• [Your assignment] Find and copy every line in the records that includes the string "negbTE".

### Dataset records

Lemma enum_rank_inr (y : T2) :
  (enum_rank (inr y : T1 + T2) : nat) = #|T1| + enum_rank y.
Proof.
rewrite !enum_rank_index enum_sumE index_cat.
have -> : (inr y : T1 + T2) \in [seq inl x | x <- enum T1] = false.
  by apply/negbTE/mapP => -[].
by rewrite size_map -cardE index_map // => a b [].
Qed.

End SumEnumRank.

Section SimplicialChains.
Variables (F : fieldType) (V : finType).
Local Open Scope ring_scope.
Local Notation N := #|{set V}|.
Local Notation bd := (bdmx F V).
Local Notation sgn := (face_sign F).

Definition basis_chain (s : {set V}) : 'rV[F]_N := delta_mx 0 (enum_rank s).

Lemma basis_chainM s p (A : 'M[F]_(N, p)) : basis_chain s *m A = row (enum_rank s) A.
Proof. by rewrite rowE. Qed.

Lemma row_basis_chain p (A : 'M[F]_(N, p)) i : row i A = basis_chain (enum_val i) *m A.
Proof. by rewrite basis_chainM enum_valK. Qed.

Lemma signr_rank_swap (y z : V) : y != z ->
  (-1) ^+ (enum_rank y < enum_rank z)%N = - (-1) ^+ (enum_rank z < enum_rank y)%N :> F.
Proof.
move=> yz; have : (enum_rank y : nat) != enum_rank z.
  by apply: contra yz => /eqP/ord_inj/enum_rank_inj ->.
by case: ltngtP => // _ _; rewrite /= ?expr0 ?expr1 ?opprK.
Qed.

Lemma face_sign_setD1 (s : {set V}) y z : y \in s ->
  sgn (s :\ y) z = sgn s z * (-1) ^+ (enum_rank y < enum_rank z)%N.
Proof.
move=> ys; rewrite /face_sign (cardsD1 y [set w in s | _]) inE ys /=.
rewrite addnC exprD -mulrA mulr_sign_sq mulr1; congr (_ ^+ _); apply: eq_card => w.
by rewrite !inE andbA.
Qed.

Lemma face_sign_swap (s : {set V}) y z : y \in s -> z \in s -> y != z ->
  sgn s y * sgn (s :\ y) z = - (sgn s z * sgn (s :\ z) y).
Proof.
move=> ys zs yz; rewrite !face_sign_setD1 // (signr_rank_swap yz).
by rewrite !mulrN mulrCA.
Qed.

Lemma face_sign_setD1_pair (s : {set V}) y z : y \in s -> z \in s -> y != z ->
  sgn (s :\ y) z * sgn (s :\ z) y = - (sgn s y * sgn s z).
Proof.
move=> ys zs yz; rewrite !face_sign_setD1 // (signr_rank_swap yz).
by rewrite mulrACA mulNr mulr_sign_sq mulrN1 mulrC.
Qed.

Lemma basis_chain_bd (s : {set V}) :
  basis_chain s *m bd = \sum_(y in s | s :\ y != set0) sgn s y *: basis_chain (s :\ y).
Proof.
apply/rowP => j; rewrite basis_chainM !mxE summxE enum_rankK; set t := enum_val j.
under eq_bigr => y _ do rewrite !mxE eqxx /= -(can2_eq enum_valK enum_rankK) -/t.
rewrite /bd_coef; case: ifP => [/andP[/andP[tn ts] /cards1P[x sx]] | not_face].
  have /setDP[xs _] : x \in s :\: t by rewrite sx set11.
  have tx : t = s :\ x by apply/eqP; rewrite eq_setD1 // ts sx eqxx.
  rewrite (bigD1 x) /=; last by rewrite xs -tx tn.
  rewrite big1 ?addr0; last first.
    move=> y /andP[/andP[ys _] yx].
    by rewrite eq_setD1 // ts sx (inj_eq set1_inj) eq_sym (negbTE yx) mulr0.
  case: pickP => [z|/(_ x)]; last by rewrite sx set11.
  by rewrite sx => /set1P ->; rewrite -tx eqxx mulr1.
rewrite big1 // => y /andP[ys yn]; case: eqP => [ty|]; last by rewrite mulr0.
by move: not_face; rewrite ty yn subD1set setD_setD1 // cards1.
Qed.

Lemma bdmx_bdmx : bd *m bd = 0.
Proof.
apply/row_matrixP => i; rewrite row0 row_basis_chain; set s := enum_val i.
rewrite mulmxA basis_chain_bd mulmx_suml.
under eq_bigr => y _ do rewrite -scalemxAl basis_chain_bd scaler_sumr.
rewrite big_mkcondr /=.
rewrite (eq_bigr (fun y => \sum_(z in s | (z != y) && (s :\ y :\ z != set0))
    sgn s y *: (sgn (s :\ y) z *: basis_chain (s :\ y :\ z)))); last first.
  move=> y ys; case: ifP => yn.
    by apply: eq_bigl => z; rewrite in_setD1; case: (z != y); case: (z \in s).
  move/negbFE/eqP: yn => yn; rewrite big_pred0 // => z.
  by rewrite yn set0D eqxx !andbF.
apply: sum_offdiag_antisym => [a b|a b ha hb ab]; first by rewrite !setDDl setUC.
rewrite [s :\ b :\ a]setDDl setUC -setDDl !scalerA -scaleNr.
by congr (_ *: _); apply: face_sign_swap.
Qed.

Definition chainsmx (Q : pred {set V}) : 'M[F]_N :=
  \matrix_(i, j) ((i == j) && Q (enum_val i))%:R.

Lemma row_chainsmx Q i :
  row i (chainsmx Q) = if Q (enum_val i) then basis_chain (enum_val i) else 0.
Proof.
apply/rowP => j; rewrite !mxE; case: ifP => q; rewrite ?mxE ?andbT ?andbF //.
by rewrite enum_valK eqxx /= eq_sym.
Qed.

Lemma chainmxE (K : {set {set V}}) k :
  chainmx F K k = chainsmx (fun s => (s \in K) && (#|s| == k.+1)).
Proof. by apply/matrixP => i j; rewrite !mxE andbA. Qed.

Lemma basis_chain_sub (Q : pred {set V}) s : Q s -> (basis_chain s <= chainsmx Q)%MS.
Proof.
by move=> q; apply: (eq_row_sub (enum_rank s)); rewrite row_chainsmx enum_rankK q.
Qed.

Lemma chainsmxM_sub (Q : pred {set V}) p (A : 'M[F]_(N, p)) m (B : 'M[F]_(m, p)) :
  (forall s, Q s -> basis_chain s *m A <= B)%MS -> (chainsmx Q *m A <= B)%MS.
Proof.
move=> sub_s; apply/row_subP => i; rewrite row_mul row_chainsmx.
by case: ifP => q; [apply: sub_s | rewrite mul0mx sub0mx].
Qed.

Lemma submx_chainsmxM (Q : pred {set V}) p (A : 'M[F]_(N, p)) m (B : 'M[F]_(m, p))
    (v : 'rV[F]_N) :
  (forall s, Q s -> basis_chain s *m A <= B)%MS -> (v <= chainsmx Q)%MS ->
  (v *m A <= B)%MS.
Proof.
by move=> sub_s /submxP[w ->]; rewrite -mulmxA mulmx_sub // chainsmxM_sub.
Qed.

Lemma chainsmxS (Q Q' : pred {set V}) :
  (forall s, Q s -> Q' s) -> (chainsmx Q <= chainsmx Q')%MS.
Proof.
move=> QQ'; rewrite -[chainsmx Q]mulmx1; apply: chainsmxM_sub => s q.
by rewrite mulmx1 basis_chain_sub // QQ'.
Qed.

Lemma chainsmxM_eq (Q : pred {set V}) p (A B : 'M[F]_(N, p)) (v : 'rV[F]_N) :
  (forall s, Q s -> basis_chain s *m A = basis_chain s *m B) ->
  (v <= chainsmx Q)%MS -> v *m A = v *m B.
Proof.
move=> eqAB /submxP[w ->]; rewrite -!mulmxA; congr (_ *m _).
apply/row_matrixP => i; rewrite !row_mul row_chainsmx.
by case: ifP => q; [apply: eqAB | rewrite !mul0mx].
Qed.

Definition face_closed (K : {set {set V}}) : Prop :=
  forall U T : {set V}, U \in K -> T \subset U -> T != set0 -> T \in K.

Lemma chainmxS (K K' : {set {set V}}) k :
  K \subset K' -> (chainmx F K k <= chainmx F K' k)%MS.
Proof.
move=> KK'; rewrite !chainmxE; apply: chainsmxS => U /andP[UK ->].
by rewrite (subsetP KK').
Qed.

Lemma chainmx_sub_supp (K : {set {set V}}) k : (chainmx F K k <= chainsmx (mem K))%MS.
Proof. by rewrite chainmxE; apply: chainsmxS => U /andP[]. Qed.

Lemma bdrymx_sub_supp (K : {set {set V}}) k :
  face_closed K -> (bdrymx F K k <= chainsmx (mem K))%MS.
Proof.
move=> Kface; rewrite /bdrymx chainmxE; apply: chainsmxM_sub => U /andP[UK _].
rewrite basis_chain_bd; apply: summx_sub => y /andP[yU yn]; apply: scalemx_sub.
exact/basis_chain_sub/(Kface _ _ UK (subD1set U y) yn).
Qed.

Lemma bdrymxS (K K' : {set {set V}}) k :
  K \subset K' -> (bdrymx F K k <= bdrymx F K' k)%MS.
Proof. by move=> KK'; apply/submxMr/chainmxS. Qed.

Lemma bdmx_bdrymx (K : {set {set V}}) k (v : 'rV[F]_N) :
  (v <= bdrymx F K k)%MS -> v *m bd = 0.
Proof. by case/submxP => w ->; rewrite -!mulmxA bdmx_bdmx !mulmx0. Qed.

End SimplicialChains.

Section Persistence.
Variables (F : fieldType) (V : finType).
Local Open Scope ring_scope.
Local Notation N := #|{set V}|.
Local Notation bd := (bdmx F V).

(* H_k(W, K) = 0: a relative k-cycle of (W, K) is a k-chain of K up to a boundary. *)
Definition rel_acyclic (K W : {set {set V}}) (k : nat) : Prop :=
  forall c : 'rV[F]_N, (c <= chainmx F W k)%MS -> (c *m bd <= chainsmx F (mem K))%MS ->
  (c <= chainmx F K k + bdrymx F W k)%MS.

Lemma cyclemx_addbdry (K W W' : {set {set V}}) k :
  K \subset W -> W \subset W' -> rel_acyclic K W k ->
  (cyclemx F W k + bdrymx F W' k :=: cyclemx F K k + bdrymx F W' k)%MS.
Proof.
move=> KW WW' acycKW; apply/eqmxP/andP; split; last first.
  apply: addsmxS => //; rewrite sub_capmx capmxSr andbT.
  exact: submx_trans (capmxSl _ _) (chainmxS _ _ KW).
rewrite addsmx_sub addsmxSr andbT; apply/row_subP => i.
have : (row i (cyclemx F W k) <= cyclemx F W k)%MS := row_sub i _.
set z := row i _; rewrite sub_capmx => /andP[zW /sub_kermxP z_cycle].
have /sub_addsmxP[[u1 u2] /= z_eq] : (z <= chainmx F K k + bdrymx F W k)%MS.
  by apply: acycKW; rewrite ?z_cycle ?sub0mx.
rewrite z_eq; apply: addmx_sub_adds.
  rewrite sub_capmx submxMl; apply/sub_kermxP.
  by move: z_cycle; rewrite z_eq mulmxDl (bdmx_bdrymx (submxMl _ _)) addr0.
exact: submx_trans (submxMl _ _) (bdrymxS _ _ WW').
Qed.

Lemma capmx_bdrymx (K K' W' : {set {set V}}) k :
  K \subset K' -> K' \subset W' -> face_closed K' -> rel_acyclic K' W' k.+1 ->
  ((cyclemx F K k + bdrymx F K' k) :&: bdrymx F W' k :=: bdrymx F K' k)%MS.
Proof.
move=> KK' K'W' K'face acycK'W'; apply/eqmxP/andP; split; last first.
  by rewrite sub_capmx addsmxSr bdrymxS.
apply/row_subP => i; set z := row i _.
have : (z <= (cyclemx F K k + bdrymx F K' k) :&: bdrymx F W' k)%MS := row_sub i _.
rewrite sub_capmx => /andP[z_in_K' /submxP[u z_eq]].
set w := u *m chainmx F W' k.+1; have {}z_eq : z = w *m bd by rewrite z_eq mulmxA.
rewrite z_eq.
have /sub_addsmxP[[u1 u2] /= ->] : (w <= chainmx F K' k.+1 + bdrymx F W' k.+1)%MS.
  apply: acycK'W'; first exact: submxMl.
  rewrite -z_eq; apply: submx_trans z_in_K' _; rewrite addsmx_sub bdrymx_sub_supp //.
  rewrite andbT; apply: submx_trans (capmxSl _ _) _.
  exact: submx_trans (chainmxS _ _ KK') (chainmx_sub_supp _ _ _).
by rewrite mulmxDl (bdmx_bdrymx (submxMl _ _)) addr0 -mulmxA submxMl.
Qed.

Lemma pers_dim_rel_acyclic (K K' W W' : {set {set V}}) k :
  K \subset W -> K' \subset W' -> K \subset K' -> W \subset W' -> face_closed K' ->
  rel_acyclic K W k -> rel_acyclic K' W' k.+1 ->
  pers_dim F K K' k = pers_dim F W W' k.
Proof.
move=> KW K'W' KK' WW' K'face acycKW acycK'W'; rewrite /pers_dim.
rewrite (cyclemx_addbdry KW WW' acycKW).
have := mxrank_sum_cap (cyclemx F K k + bdrymx F K' k)%MS (bdrymx F W' k).
rewrite (capmx_bdrymx KK' K'W' K'face acycK'W') -addsmxA.
rewrite (adds_eqmx (eqmx_refl _) (addsmx_idPr (bdrymxS _ _ K'W'))).
have : (\rank (bdrymx F K' k) <= \rank (cyclemx F K k + bdrymx F K' k))%N.
  exact/mxrankS/addsmxSr.
have : (\rank (bdrymx F W' k) <= \rank (cyclemx F K k + bdrymx F W' k))%N.
  exact/mxrankS/addsmxSr.
lia.
Qed.

End Persistence.

Section ConeContraction.
Variables (F : fieldType) (V : finType).
Local Open Scope ring_scope.
Local Notation N := #|{set V}|.
Local Notation bd := (bdmx F V).
Local Notation sgn := (face_sign F).
Local Notation chain := (basis_chain F).
Local Notation chainsmx := (chainsmx F).

Definition cone_apex (W : {set {set V}}) (Y : {set V}) (g : {set V} -> V) : Prop :=
  forall U, U \in W -> U :&: Y != set0 -> g (U :&: Y) \notin Y /\ g (U :&: Y) |: U \in W.

Variables (W : {set {set V}}) (Y : {set V}) (g : {set V} -> V).
Hypotheses (W_face : face_closed W) (g_apex : cone_apex W Y g).

Definition cone_coef (U T : {set V}) : F :=
  if (U :&: Y != set0) && (g (U :&: Y) \notin U) && (T == g (U :&: Y) |: U)
  then sgn T (g (U :&: Y)) else 0.

Definition conemx : 'M[F]_N := \matrix_(i, j) cone_coef (enum_val i) (enum_val j).

Definition cone_homotopy : 'M[F]_N := conemx *m bd + bd *m conemx.

Definition pushmx : 'M[F]_N := 1%:M - cone_homotopy.

Definition level (j n : nat) : pred {set V} :=
  fun U => [&& U \in W, (#|U :&: Y| <= j)%N & #|U| == n].

Lemma conemx_basis U : chain U *m conemx =
  if (U :&: Y != set0) && (g (U :&: Y) \notin U)
  then sgn (g (U :&: Y) |: U) (g (U :&: Y)) *: chain (g (U :&: Y) |: U) else 0.
Proof.
rewrite basis_chainM; case: ifP => c; apply/rowP => j.
  rewrite !mxE enum_rankK /cone_coef c /=.
  rewrite (can2_eq enum_valK enum_rankK).
  by case: eqP => [->|_]; rewrite ?enum_rankK ?mulr1 ?mulr0.
by rewrite !mxE enum_rankK /cone_coef c.
Qed.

######

• [Response below]
  by apply/negbTE/mapP => -[].
    by rewrite eq_setD1 // ts sx (inj_eq set1_inj) eq_sym (negbTE yx) mulr0.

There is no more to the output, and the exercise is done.